The self I have been since Ben was born involves me as a father, which itself involves many, many things. Recently, I have been reading him books to sleep, but since Ben hasn't acquired language yet I can kind of read him anything I want. Star Wars fiction, card game rule books, and lots of poetry. Turns out "the sturdier soul" I needed, to rediscover that love of poetry, wasn't my own. It was his.
And to him, while finally digging into this book that I had been so excited about by a poet who excites me so greatly, I found tremendous delayed gratification in the work. Pilgrim Bell crosses the impossible threshold that Portrait set, it floored me almost on every single page. The work is humble, and sweeping, and generous, and selfish.
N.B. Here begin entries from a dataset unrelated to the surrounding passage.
(* Fix real numbers $\alpha,\beta,\gamma,\delta$ with $\alpha\neq0$. Let $\mathscr T$ be a graph-enriched Schröder tree on a finite linear order $\ell$ with $|\ell|\ge2$, with root $r$ and $g=\bigvee\mathscr T$. Then, as an identity in $\mathbb C(x)$, $$\Phi_g(x)=\Big(\prod_{w\in\mathrm{Iv}(\mathscr T),\,w\ne r}\Gamma_{g_{\ell_w}}(x-\delta N_{rw})\,\det\big(U_\Gamma(a_w,g_w)(x-\delta N_{rw})\big)\Big)\det\big(U_\Gamma(a_r,g_r)(x)\big).$$
   Context: All graphs finite and simple. For a graph $g$ with $n$ vertices, the universal adjacency matrix is $U(g)=\alpha A(g)+\beta I_n+\gamma J_n+\delta D(g)$, where $A$ is the adjacency matrix, $D$ the diagonal degree matrix, $J_n$ the all-ones matrix. $\Phi_g(x)=\det(xI_n-U(g))$ and $\Gamma_g(x)=\mathbf 1^t(xI_n-U(g))^{-1}\mathbf 1\in\mathbb C(x)$, with $\mathbf 1$ the all-ones vector. Generalized composition: for a segmented partition $\pi=(\ell_1,\dots,\ell_k)$ of $\ell$ (nonempty consecutive segments whose concatenation is $\ell$), graphs $g_{\ell_j}$ on $\ell_j$ and a graph $h$ on $\pi$, $\bigvee_h(g_{\ell_1},\dots,g_{\ell_k})$ has vertex set $\ell$ and edges those of the $g_{\ell_j}$ plus all $\{x,y\}$, $x\in\ell_i,y\in\ell_j$, $\{\ell_i,\ell_j\}\in E(h)$. Graph-enriched Schröder tree on $\ell$: rooted plane tree with leaves the elements of $\ell$ left to right, each internal vertex having at least two children, with a graph $g_v$ on $\pi_v=(\ell_{v_1},\dots,\ell_{v_k})$ for each internal $v$ (children $v_1,\dots,v_k$ left to right, $\ell_u$ the leaves below $u$). $\bigvee$ of a leaf is the one-vertex graph and $\bigvee\mathscr T=\bigvee_{g_r}(\bigvee\mathscr T_{r_1},\dots,\bigvee\mathscr T_{r_k})$; $g_{\ell_u}=\bigvee\mathscr T_u$; $a_v=(g_{\ell_{v_1}},\dots,g_{\ell_{v_k}})$. For internal $v$ with $n_i=|\ell_{v_i}|$ and $N_i=\sum_{s:\{\ell_{v_s},\ell_{v_i}\}\in E(g_v)}n_s$: $D_\Gamma(a_v,g_v)(x)=\mathrm{diag}\big(1/\Gamma_{g_{\ell_{v_i}}}(x-\delta N_i)\big)_{i=1}^k$ and $U_\Gamma(a_v,g_v)(x)=-\alpha A(g_v)+\gamma I_k-\gamma J_k+D_\Gamma(a_v,g_v)(x)$ (with $A(g_v)$ indexed by $\pi_v$ in order). For non-root internal $w$ with parent $u$, $N_w=\sum_{x:\{\ell_x,\ell_w\}\in E(g_u)}|\ell_x|$, and $N_{rw}=N_{w_1}+\cdots+N_{w_m}$ along the path $r=w_0,w_1,\dots,w_m=w$. *)

From HB Require Import structures.
From mathcomp Require Import all_boot all_order all_algebra.
Set Implicit Arguments. Unset Strict Implicit. Unset Printing Implicit Defensive.
Import Order.TTheory GRing.Theory Num.Theory.
Local Open Scope ring_scope.
(* Let $p$ be a prime, $q=p^l$, $m\ge1$, $n=2m$. For $0\leqslant r<n(q-1)$, $I\subseteq M_r$ and $\overline{I}=M_r\setminus I$, the dual code (with respect to the standard inner product on $\mathbb{F}_q^{q^n}$) satisfies $$\mathcal{C}_q(r,I,n)^\perp=\mathcal{C}_q(n(q-1)-r,\overline{I},n).$$
   Context: Let $N=q^n-1$ and $\alpha$ a primitive element of $\mathbb{F}_{q^n}$. Every integer $0\le u\le q^n-1$ is written $u=\sum_{i=0}^{n-1}u_iq^i$, $u_i\in\{0,\dots,q-1\}$; $\mathrm{wt}_q(u)=\sum u_i$, $O(u)=\sum_{i\text{ odd}}u_i$, $E(u)=\sum_{i\text{ even}}u_i$. For $-1\le r<n(q-1)$, $Z_r=\{\alpha^u\mid 0<u\le q^n-1,\ \mathrm{wt}_q(u)\le n(q-1)-r-1\}$. For $0\le r\le n(q-1)$ and integer $k\ge0$, $\Theta^{(r)}_k=\{\alpha^u\mid 0\le u\le q^n-1,\ \mathrm{wt}_q(u)=n(q-1)-r,\ |O(u)-E(u)|=k\}$. $M_r$ is the set of even (resp. odd) integers $k\in[0,m(q-1)]$ when $r$ is even (resp. odd). For $0\le r<n(q-1)$, $I\subseteq M_r$: $\overline I=M_r\setminus I$, $Z_{r,I}=Z_r\cup\bigcup_{k\in\overline I}\Theta^{(r)}_k$. A cyclic code of length $N$ over $\mathbb{F}_q$ with zero set $Z$ is $\{(c_0,\dots,c_{N-1})\in\mathbb{F}_q^N\mid \sum_ic_i\beta^i=0\ \forall\beta\in Z\}$, coordinate $i$ labelled by $\alpha^i$. $\mathcal{C}_q(r,I,n)^*$ is the cyclic code with zero set $Z_{r,I}$ and $\mathcal{C}_q(r,I,n)$ its extended code (coordinates indexed by $\mathbb{F}_{q^n}$, extra coordinate labelled $0$ equal to $-\sum_ic_i$). The generalized Reed–Muller code $\mathcal{R}_q(r,n)$ ($-1\le r<n(q-1)$) is the extended code of the cyclic code with zero set $Z_r$, and $\mathcal{R}_q(n(q-1),n)=\mathbb{F}_q^{q^n}$. By convention, $\mathcal{C}_q(n(q-1),I,n)=\mathcal{R}_q(n(q-1)-1,n)$ if $0\notin I$ and $\mathcal{C}_q(n(q-1),I,n)=\mathbb{F}_q^{q^n}$ if $0\in I$. *)

From HB Require Import structures.
From mathcomp Require Import all_boot all_order all_algebra all_field.
Set Implicit Arguments. Unset Strict Implicit. Unset Printing Implicit Defensive.
Import GRing.Theory.
Local Open Scope ring_scope.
It is confessional, and honest; it is what my poems aspire to be. Its hilarious.
Take, for example, "Cotton Candy" which opens with a John Donne quote: "To go to heaven, we make heaven come to us" and begins with the line: "yes John I tried that the results were / underwhelming my liver practically / leapt out of my body." That's bleak, sure, but its also very funny. This poem, fixating on Akbar's mother as many of the poems in the book do, ends with such a tremendous image that I hope sits with you as long as it has sat with me:
my mother hated rides
she was happy to buy me cotton candy and
sit on a bench
smiling
she'd watch me eat the whole bag
I think of fear, and guilt, obsession. I watch Ben doze. Reading him these poems while he is too small to understand them is a bag of cotton candy I will watch him eat every night. Smiling. Forgiving myself. Fortifying that sturdier soul - one which is lightened - as new loves (sons, fatherhood, poetry) flood back into me, familiar again.